By customizing the example scripts, you can change the candidate substances, first-principles calculation methods and workflows, descriptors for machine learning and target range if you use PTR.
Detailed documents for Pymatgen, Matminer and Atomate are available from the following URLs.
https://hackingmaterials.lbl.gov/matminer/
This package is distributed under GNU General Public License version 3 (GPL v3) or later. We hope that you cite the following reference when you use ML-atomate code or data of example run (i.e. data placed in example_stam_m_2023/paper_result. This result is same as the data written in the following paper.):
A. Takahashi, K. Terayama, Y. Kumagai, R. Tamura and F. Oba "Fully Autonomous Materials Screening Methodology Combining First-Principles Calculations, Machine Learning and High-Performance Computing System" (Science and Technology of Advanced Materials: Methods, https://doi.org/10.1080/27660400.2023.2261834)
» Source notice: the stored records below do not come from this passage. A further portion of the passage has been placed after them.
Lemma bfl_state_Ins_exit :
  bfl_state IG (l + #|hs M|) =
  (ins_alpha (bfl_alpha G l.-1) (bfl_alpha M #|hs M|.-1), None).
Proof.
have M_gt0 := rmap_card_gt0 M.
rewrite -[in l + _](prednK M_gt0) addnS bfl_stateS bfl_state_Ins_M ?prednK //=.
have -> : sg M (bfl_pos M #|hs M|.-1) = rM.
  apply: (can_inj (bfl_alpha_involutive M_inv #|hs M|.-1.+1)).
  by rewrite -bfl_posS prednK // bfl_pos_card // bfl_alpha_root.
exact: bfl_move_Ins_exit.
Qed.

Lemma bfl_state_Ins_after n : l <= n -> n < #|T| ->
  bfl_state IG (n + #|hs M|).+1 =
  (ins_alpha (bfl_alpha G n) (bfl_alpha M #|hs M|.-1), Some (inl (bfl_pos G n))).
Proof.
elim: n => [|n IH] ln nT; first by move: ln l_gt0; rewrite leqn0 => /eqP->.
have [nl|ln'] := eqVneq n.+1 l.
  have nE : l.-1 = n by rewrite -nl.
  rewrite {1}nl bfl_stateS bfl_state_Ins_exit /= bfl_move_Ins_N.
  by rewrite cE nE -bfl_stateS.
have ln1 : l <= n by lia.
have nT1 : n < #|T| := ltnW nT.
rewrite addSn bfl_stateS IH //= ifN ?pos_neq_c //; last lia.
by rewrite bfl_move_Ins_N -bfl_stateS.
Qed.

End InsBfl.

Lemma closed_map_msize (M : rmap) : closed_map M -> 2 * msize M = #|hs M|.+1.
Proof.
case=> [[_ M_inv M_root _] M_fix].
have al_inj := can_inj M_inv.
have orbit_al x : fconnect (al M) x =i pred2 x (al M x).
  move=> y; apply/idP/idP => [/iter_findex <-|]; last first.
    by case/pred2P=> ->; [apply: connect0 | apply: fconnect1].
  elim: (findex _ _ _) => [|n IH] /=; first by rewrite !inE eqxx.
  by case/pred2P: IH => ->; rewrite !inE ?M_inv eqxx ?orbT.
have order_al x : order (al M) x = (x != rt M).+1.
  rewrite /order (eq_card (orbit_al x)) card2.
  have [->|xr] := eqVneq x (rt M); first by rewrite M_root eqxx.
  by case: eqP => // /esym/M_fix xE; rewrite xE eqxx in xr.
have al_root x : (al M x == rt M) = (x == rt M) by rewrite -{1}M_root (inj_eq al_inj).
have fcard_root : fcard (al M) (pred1 (rt M)) * 1 = #|pred1 (rt M)|.
  apply: fcard_order_set => //; last by move=> x y /eqP<-; rewrite !inE al_root.
  by apply/subsetP => x /eqP->; rewrite inE order_al eqxx.
have fcard_rest : fcard (al M) (predC1 (rt M)) * 2 = #|predC1 (rt M)|.
  apply: fcard_order_set => //; last by move=> x y /eqP<-; rewrite !inE al_root.
  by apply/subsetP => x; rewrite !inE order_al => ->.
rewrite muln1 card1 in fcard_root; rewrite cardC1 in fcard_rest.
rewrite /msize (n_compC (pred1 (rt M))) fcard_root.
rewrite (eq_n_comp_r (a' := predC1 (rt M))) => [|x]; last by rewrite !inE.
by rewrite mulnDr muln1 [2 * _]mulnC fcard_rest add2n prednK // rmap_card_gt0.
Qed.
This code is based on atomate library.
[1] Mathew K, Montoya JH, Faghaninia A, et al., Atomate: A high-level interface to generate, execute, and analyze computational materials science workflows. Comput
Mater Sci. 2017;139:140–152.
To use BLOX, this code employs Random Forest method implemented in scikit-learn and BLOX code implemented by Prof. Terayama. (https://github.com/tsudalab/BLOX):
[2] Breiman L., Random Forests. Mach Learn. 2001;45:5–32.
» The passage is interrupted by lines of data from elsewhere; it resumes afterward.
(* For 0 < z <= 3/2 the truncated integrals converge (they decrease and are
   bounded below), with limit at most z ln(2z) - z. *)
Lemma lob_smooth_int_cv z : 0 < z <= 3/2 ->
  exists l, Un_cv (fun M => lob_smooth_int M z) l /\ l <= z * ln (2 * z) - z.
Proof.
  intros hz. pose proof (lob_smooth_int_decreasing z ltac:(lra)) as Hdec.
  assert (Hlb : has_lb (fun M => lob_smooth_int M z)).
  { exists (- (z * ln z - z)). intros x [i ->]. unfold opp_seq.
    destruct (exp_neg_INR_small z ltac:(lra)) as [N HN].
    pose proof (decreasing_prop _ i (max i N) Hdec ltac:(lia)).
    pose proof (lob_smooth_int_lower (max i N) z hz ltac:(apply HN; lia)). lra. }
  destruct (decreasing_cv _ Hdec Hlb) as [l Hl].
  exists l. split; auto.
  apply Rle_plus_epsilon. intros eps he.
  destruct (exp_neg_INR_small (Rmin z eps) ltac:(apply Rmin_pos; lra)) as [N HN].
  specialize (HN N (le_n N)). pose proof (Rmin_l z eps). pose proof (Rmin_r z eps).
  pose proof (exp_pos (- INR N)).
  pose proof (decreasing_ineq _ l Hdec Hl N).
  pose proof (lob_smooth_int_upper N z hz ltac:(lra)). lra.
Qed.

(* Lambda is odd on [-3/2, 3/2]: reflect the truncated integrals. *)
Lemma Lobachevsky_odd z : 0 < z <= 3/2 -> Lobachevsky (- z) = - Lobachevsky z.
Proof.
  intros hz. pose proof PI_gt_3.
  destruct (lob_smooth_int_cv z hz) as [l [Hl _]].
  assert (Hrefl : forall M, is_RInt (lob_smooth M) 0 (- z) (opp_seq (fun M => lob_smooth_int M z) M)).
  { intros M. unfold opp_seq. apply is_RInt_swap.
    apply is_RInt_ext with (fun t => lob_smooth M (- t)); [intros; apply lob_smooth_even|].
    assert (HR := is_RInt_reflect (lob_smooth M) 0 z _ ltac:(lra) (lob_smooth_continuous M)
                   (lob_smooth_int_spec M z ltac:(lra))).
    rewrite Ropp_0 in HR. exact HR. }
  rewrite (Lobachevsky_limit (- z) _ (- l) ltac:(lra) Hrefl (CV_opp _ _ Hl)).
  rewrite (Lobachevsky_limit z _ l ltac:(lra) (fun M => lob_smooth_int_spec M z ltac:(lra)) Hl).
  ring.
Qed.

(* e > 2.63, from e = (e^{1/16})^16 >= (17/16)^16. *)
Lemma exp_1_gt : 2.63 < exp 1.
Proof.
  assert (H : exp 1 = (exp (1/16)) ^ 16).
  { rewrite <- (Rpower_pow 16 (exp (1/16))) by apply exp_pos.
    unfold Rpower. rewrite ln_exp. f_equal. simpl. lra. }
  rewrite H. apply Rlt_le_trans with ((17/16) ^ 16); [simpl; lra|].
  apply pow_incr. pose proof (exp_ineq1 (1/16)). lra.
Qed.

(* Lambda(z) >= z - z ln(2z) >= 0 as long as 2z <= e. *)
Lemma Lobachevsky_nonneg z : 0 < z <= 1.315 -> 0 <= Lobachevsky z.
Proof.
  intros hz. pose proof PI_gt_3.
  destruct (lob_smooth_int_cv z ltac:(lra)) as [l [Hl Hb]].
  rewrite (Lobachevsky_limit z _ l ltac:(lra) (fun M => lob_smooth_int_spec M z ltac:(lra)) Hl).
  assert (ln (2 * z) <= 1).
  { rewrite <- (ln_exp 1). apply ln_le; [lra|]. pose proof exp_1_gt; lra. }
  nra.
Qed.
[3] Breiman L., Statistical Modeling: The Two Cultures (with comments and a
rejoinder by the author). Statist Sci. 2001;16(3):199–231.
[4] Pedregosa F, Varoquaux G, Gramfort A, et al., Scikit-learn: Machine Learning in
Python. J Mach Learn Res. 2011;12:2825–2830.
[5] Terayama K, Sumita M, Tamura R, et al., Pushing property limits in materials
discovery via boundless objective-free exploration. Chem Sci. 2020;11:5959–5968.
To use PTR, this code employs Gaussian process implemented by PHYSBO code. (https://github.com/issp-center-dev/PHYSBO):
[6] Motoyama Y, Tamura R, Yoshimi K et al., “Bayesian optimization package: PHYSBO” Computer Physics Communications Volume 278, September 2022, 108405.
[7] Kishio T, Kaneko H, Funatsu K., Strategic parameter search method based on
prediction errors and data density for efficient product design, Chemom Intell Lab
Syst. 2013;127:70–79.
[8] Tsukada Y, Takeno S, Karasuyama M, et al., Estimation of material parameters
based on precipitate shape: efficient identification of low-error region with
Gaussian process modelling. Sci Rep. 2019;9:15794.
[9] Iwama R, Kaneko H., Design of ethylene oxide production process based on
adaptive design of experiments and Bayesian optimization. J Adv Manuf Process.
2021;3:e10085.
And if you use example scripts, you should cite these papers:
Poscars are retrieved by Materials Project.
[10] Jain A, Ong SP, Hautier G, et al., Commentary: The Materials Project: A materials
genome approach to accelerating materials innovation. APL Mater. 2013;1:011002.
Descriptors are generated by matminer code
[11] Ward L, Dunn A, Faghaninia A, et al., Matminer: An open source toolkit for
materials data mining. Comput. Mater. Sci. 2018;152:60–69.
Note that to use most of the descriptors the appropriate reference, which is implemented in Featurizer class as "citations", should be cited.